И сейчас, 13 лет спустя, я могу лишь повторить эти слова. Не покидавшее нас ни на день чувство превосходства над официальной политической мыслью, включая и патриотический социализм, не было плодом незаконного высокомерия. В этом чувстве не было ничего личного, оно вытекало из нашей принципиальной позиции: мы стояли на высокой вышке. Критическая точка зрения давала нам прежде всего возможность яснее видеть перспективу самой войны. Обе стороны рассчитывали, как известно, на скорую победу. Свидетельств легкомысленного оптимизма можно бы набрать без числа. "Мой французский коллега, — говорит в своих мемуарах Бьюкенен, — был одно время так оптимистически настроен, что пошел со мною на пари на 5 фунтов стерлингов за то, что война будет кончена до Рождества". Сам Бьюкенен в глубине души откладывал конец войны не дольше, чем до Пасхи. Начиная с осени 1914 г. мы, наперекор всем официальным пророчествам, в нашей газете изо дня в день твердили, что война будет безнадежно затяжной и что вся Европа выйдет из нее разбитой. Десятки раз мы писали в "Нашем слове", что даже в случае победы союзников Франция после войны, когда рассеется дым и чад, окажется на международной арене большой Бельгией, и только. Мы уверенно предвидели грядущую мировую диктатуру Соединенных Штатов. "Империализм, — так писали мы 5 сентября 1916 г. в сотый раз, — ставит через эту войну ставку на сильных: им будет принадлежать мир".

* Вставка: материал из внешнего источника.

Lemma failure_table_spec k d : forall j c r m s, j + d = k + k -> 0 < j ->
  frame k r -> r 4 = j -> r 5 = c -> longest_border (window_eq k) j c ->
  failure_table k j m -> s <= k + k + 1 ->
  reaches kmp_prog q (Config 6 r m s) (fun t cf =>
    [/\ t <= 26 * d + 11 * c + 2, pc cf = 24, frame k (reg cf),
        failure_table k (k + k) (Defs.mem cf) & space cf <= k + k + 1]).
Proof.
elim: d => [|d IH] j c r m s jd j0 fr e4 e5 Fj tab hs; have [e1 e2 e3 e9 e10] := fr.
  rewrite addn0 in jd; exec; rewrite jd ltnn; exec_step.
  by apply: reaches_now; split=> //; [lia | rewrite -jd].
exec; rewrite (_ : j < k + k) ?ltnn; last by lia.
have jk : 0 < j < k + k by lia.
apply: reaches_seq; first exact: (fallback_loop_spec jk fr e4 e5 (fallback_inv_init Fj) tab hs).
move=> t1 [pc' r' m' s'] [c' [ht1 /= -> fr' e4' [e5' Fj' tab' hs']]].
apply: reaches_weaken (IH j.+1 c' r' m' s' _ _ fr' e4' e5' Fj' tab' hs'); try lia.
by move=> t2 cf [ht2 ? ? ? ?]; split=> //; lia.
Qed.

(* [b = 0] encodes that [s_k] has no positive proper border. *)
Definition shortest_border k b : Prop :=
  [/\ border (window_eq k) (k + k) b, b < k + k &
      forall c, 0 < c < k + k -> border (window_eq k) (k + k) c -> 0 < b <= c].

(* The links stop at the last nonzero [b]: a shorter positive border of [s_k]
   would be a border of [b] longer than [m b = 0]. *)
Lemma shortest_border_spec k b r m s : frame k r -> r 11 = b -> b < k + k ->
  border (window_eq k) (k + k) b ->
  (b = 0 -> forall c, 0 < c < k + k -> ~ border (window_eq k) (k + k) c) ->
  failure_table k (k + k) m -> s <= k + k + 1 ->
  reaches kmp_prog q (Config 25 r m s) (fun t cf => exists b',
    [/\ t <= 4 * b + 3, pc cf = 30, frame k (reg cf), reg cf 11 = b' &
        [/\ shortest_border k b', space cf <= k + k + 1 & Defs.mem cf = m]]).
Proof.
elim/ltn_ind: b r s => b IH r s fr e11 bk Hb Hb0 tab hs.
have [e1 e2 e3 e9 e10] := fr; have [m0 Hm] := tab.
do 2 exec; case: ifP => [mb0|/negbT].
  have b0 : 0 < b by case: (posnP b) mb0 => [->|//]; rewrite m0.
  have [lt_mb_b Hmb _] : longest_border (window_eq k) b (m b) by apply: Hm; lia.
  have Hmb' : border (window_eq k) (k + k) (m b).
    by apply: (border_trans (@window_eq_trans k) _ Hb Hmb); lia.
  do 2 exec; apply: reaches_weaken (IH _ lt_mb_b _ _ _ _ _ Hmb' _ tab _);
    rewrite /= ?updE /= ?addn0 //; try lia.
  by move=> t2 cf [b' [ht2 ? ? ? ?]]; exists b'; split=> //; lia.
rewrite -eqn0Ngt => /eqP mb0; exec_step; apply: reaches_now; exists b.
split=> //; first lia.
split=> //=; last by lia.
split=> // c /andP[c0 ck] Hc; case: (posnP b) => [b0|b0].
  by case: (Hb0 b0 c); [lia | ].
rewrite /= leqNgt; apply/negP => cb.
have [_ _ Hmax] : longest_border (window_eq k) b (m b) by apply: Hm; lia.
apply: (Hmax c); first by rewrite mb0 c0.
by apply: (border_border (@window_eq_sym k) (@window_eq_trans k) _ Hb Hc); lia.
Qed.

Lemma round_search_spec k r m s : 0 < k ->
  r 1 = i -> r 2 = k -> r 9 = 1 -> r 10 = 0 -> m 0 = 0 -> s <= k + k + 1 ->
  reaches kmp_prog q (Config 2 r m s) (fun t cf => exists b,
    [/\ t <= 60 * k, pc cf = 30, frame k (reg cf), reg cf 11 = b &
        [/\ shortest_border k b, space cf <= k + k + 1 & Defs.mem cf 0 = 0]]).
Proof.
move=> k0 e1 e2 e9 e10 m0 hs; do 4 exec.
set r1 := upd _ 4 1; set m1 := upd m 1 0.
have fr : frame k r1 by rewrite /r1; split; rewrite /= ?updE.
have tab : failure_table k 1 m1.
  split=> [|x x1]; rewrite /m1 updE //; rewrite (_ : x = 1) ?eqxx; last by lia.
  exact: longest_border1.
apply: reaches_seq.
  apply: (failure_table_spec (d := k + k - 1) _ _ fr _ _ (longest_border1 _) tab);
    rewrite /= ?updE //; lia.
move=> t1 [pc' r' m' s'] [ht1 /= -> fr' tab' hs'].
have [e1' e2' e3' e9' e10'] := fr'; have [m0' Hm'] := tab'.
exec; have [lt_Fb Fb Fmax] : longest_border (window_eq k) (k + k) (m' (k + k)) by apply: Hm'; lia.
apply: reaches_seq.
  apply: (@shortest_border_spec k (m' (k + k))) => //; last by lia.
  by move=> Fb0 c hc; apply: Fmax; rewrite Fb0.
move=> t2 cf [b [ht2 pc2 fr2 e11 [Sb hs2 m2]]]; apply: reaches_now; exists b.
by split=> //; [lia | rewrite m2].
Qed.

Section LocalPeriod.
Variable mu : nat.
Hypothesis mu_lp : is_local_period n w i mu.
Hypothesis mu_left : 1 <= i - mu.
Hypothesis mu_right : i + mu - 1 <= n.

Lemma local_period_border k : mu <= k -> border (window_eq k) (k + k) mu.
Proof.
move=> muk t tmu; have [mu0 lp_mu _] := mu_lp.
rewrite /window_eq /window_pos ifT; last by lia.
rewrite ifF; last by apply/negbTE; rewrite -leqNgt; lia.
have Emu : w (i + t - mu) = w (i + t) by rewrite (lp_mu (i + t - mu)); [congr w | | ]; lia.
rewrite (_ : i + _ - (k + k) = i + t - mu); last by lia.
by rewrite /letter_oracle Emu eqxx andbT; apply/andP; split; lia.
Qed.

Lemma border_lp_cond k b : 0 < b <= k -> b <= mu -> border (window_eq k) (k + k) b ->
  lp_cond n w i b.
Proof.
move=> /andP[b0 bk] bmu Hb j j_ge j_le.
have := Hb (j + b - i); rewrite /window_eq /window_pos ifT; last by lia.
rewrite ifF; last by apply/negbTE; rewrite -leqNgt; lia.
rewrite (_ : i + _ - (k + k) = j); last by lia.
rewrite (_ : i + (j + b - i) = j + b); last by lia.
by case/(_ _)/and3P=> [|_ _ /eqP]; first lia.
Qed.

Lemma shortest_border_eq_mu k b : shortest_border k b -> 0 < b <= k -> b = mu.
Proof.
move=> [Hb _ Hmin] /andP[b0 bk]; have [mu0 _ mu_min] := mu_lp.
case: (ltngtP b mu) => [bmu|mub|//].
  by case: (mu_min b b0 bmu); apply: (border_lp_cond _ (ltnW bmu) Hb); rewrite b0.
have mu2k : 0 < mu < k + k by rewrite mu0; lia.
have /andP[_] := Hmin mu mu2k (local_period_border (ltnW (leq_trans mub bk))).
by rewrite leqNgt mub.
Qed.

Lemma shortest_border_lt_mu k b : shortest_border k b -> ~~ (0 < b <= k) -> k < mu.
Proof.
move=> [_ _ Hmin] bk; rewrite ltnNge; apply/negP => muk; have [mu0 _ _] := mu_lp.
have mu2k : 0 < mu < k + k by rewrite mu0; lia.
have /andP[b0 bmu] := Hmin mu mu2k (local_period_border muk).
by move: bk; rewrite b0 (leq_trans bmu muk).
Qed.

Из Севра моя семья давно уже переселилась в Париж, на маленькую rue Oudry. Париж все более опустошался. Останавливались одни за другими уличные часы. У бельфортского льва торчала почему-то из пасти грязная солома. Война продолжала закапываться в землю. Вырваться из траншеи, из застоя, из ямы, из неподвижности — таков был вопль патриотизма. Движения! Движения! Так выросло страшное безумие верденских боев. В те дни, изворачиваясь под молниями военной цензуры, я писал в "Нашем слове": "Как ни велико военное значение верденских боев, но политический их смысл несравненно крупнее. В Берлине и в других местах (sic) — они хотели "движения" — они будут иметь его. Чу! под Верденом выковывается "наш завтрашний день"".

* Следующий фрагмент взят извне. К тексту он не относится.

(* Let $n\ge3$ and let $\mathcal{G}$ be the directed line graph on nodes $\{1,\dots,n\}$ with edges $(i,i+1)$ and $(i+1,i)$ for $i=1,\dots,n-1$ together with self-loops $(i,i)$ at every node, and let $\tau\in\mathbb{Z}$ with $n-1\le\tau\le 2n-3$. If $P^*$ is an optimal solution of $\max_P\min_{i,j}\mathbb{P}(T_{ij}(P)\le\tau)$ over all Markov chain strategies $P$ conforming to $\mathcal{G}$, then $\mathbb{P}(T_{1n}(P^* )\le\tau)=\mathbb{P}(T_{n1}(P^* )\le\tau)$.
   Context: A Markov chain strategy conforming to $\mathcal{G}=(V,\mathcal{E})$ is a row-stochastic nonnegative $P=(p_{ij})$ with $p_{ij}=0$ for $(i,j)\notin\mathcal{E}$. For the Markov chain $(X_k)$ with transition matrix $P$, $T_{ij}=\min\{k\ge1:X_k=j\}$ given $X_0=i$. *)

(* R : realType, states 'I_n (node k+1 of the paper = ordinal k). *)
From mathcomp Require Import all_boot all_order all_algebra.
From mathcomp Require Import reals.
Set Implicit Arguments. Unset Strict Implicit. Unset Printing Implicit Defensive.
Import Order.TTheory GRing.Theory Num.Theory.
Local Open Scope ring_scope.

Definition line_edge (n : nat) (i j : 'I_n) : bool :=
  (i == j) || (i.+1 == j :> nat) || (j.+1 == i :> nat).

Definition line_strategy (R : realType) (n : nat) (P : 'M[R]_n) : Prop :=
  (forall i j, 0 <= P i j) /\
  (forall i, \sum_j P i j = 1) /\
  (forall i j, ~~ line_edge i j -> P i j = 0).

(* avoid P k i j = P(X_1 <> j, ..., X_k <> j | X_0 = i). *)
Fixpoint avoid (R : realType) (n : nat) (P : 'M[R]_n) (k : nat) (i j : 'I_n) : R :=
  match k with
  | 0 => 1
  | k'.+1 => \sum_(h : 'I_n | h != j) P i h * avoid P k' h j
  end.

(* hit_le P tau i j = P(T_ij <= tau), T_ij = min{k >= 1 : X_k = j}, X_0 = i. *)
Definition hit_le (R : realType) (n : nat) (P : 'M[R]_n) (tau : nat) (i j : 'I_n) : R :=
  1 - avoid P tau i j.

(* min_{i,j} P(T_ij <= tau); the state space is nonempty and all values
   are <= 1, so the neutral element 1 does not affect the minimum. *)
Definition min_hit (R : realType) (n : nat) (P : 'M[R]_n) (tau : nat) : R :=
  \big[Num.min/1]_(i : 'I_n) \big[Num.min/1]_(j : 'I_n) hit_le P tau i j.

Definition optimal_line (R : realType) (n : nat) (tau : nat) (P : 'M[R]_n) : Prop :=
  line_strategy P /\
  forall Q : 'M[R]_n, line_strategy Q -> min_hit Q tau <= min_hit P tau.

Летом 1915 г. прибыл в Париж итальянский депутат Моргари, секретарь социалистической фракции римского парламента — наивный эклектик, — с целью привлечь французских и английских социалистов на международную конференцию. На террасе кафе одного из больших бульваров у нас произошло, при участии Моргари, совещание с несколькими депутатами-социалистами, которые почему-то считали себя "левыми". Пока беседа ограничивалась пацифистскими разглагольствованиями и повторением общих мест о необходимости восстановления международных связей, дело шло довольно гладко. Но когда Моргари трагическим шепотом заговорил о необходимости раздобыть фальшивые паспорта для поездки в Швейцарию — он явно увлекался "карбонарской" стороной дела, — у господ депутатов вытянулись лица, и один из них, не помню, кто именно, поспешно подозвал гарсона и второпях заплатил за весь кофе, потребленный совещанием. Дух Мольера показался над террасой и, кажется, также дух Рабле. Тем дело и кончилось. Возвращаясь с Мартовым, мы много смеялись, весело и сердито в одно и то же время. Монатт и Росмер были уже мобилизованы и не могли ехать. На конференцию я отправился с Мерргеймом и Бурдероном, очень умеренными пацифистами. Фальшивых паспортов никому не понадобилось, потому что правительство, еще не освободившееся окончательно от довоенных нравов, выдало законные.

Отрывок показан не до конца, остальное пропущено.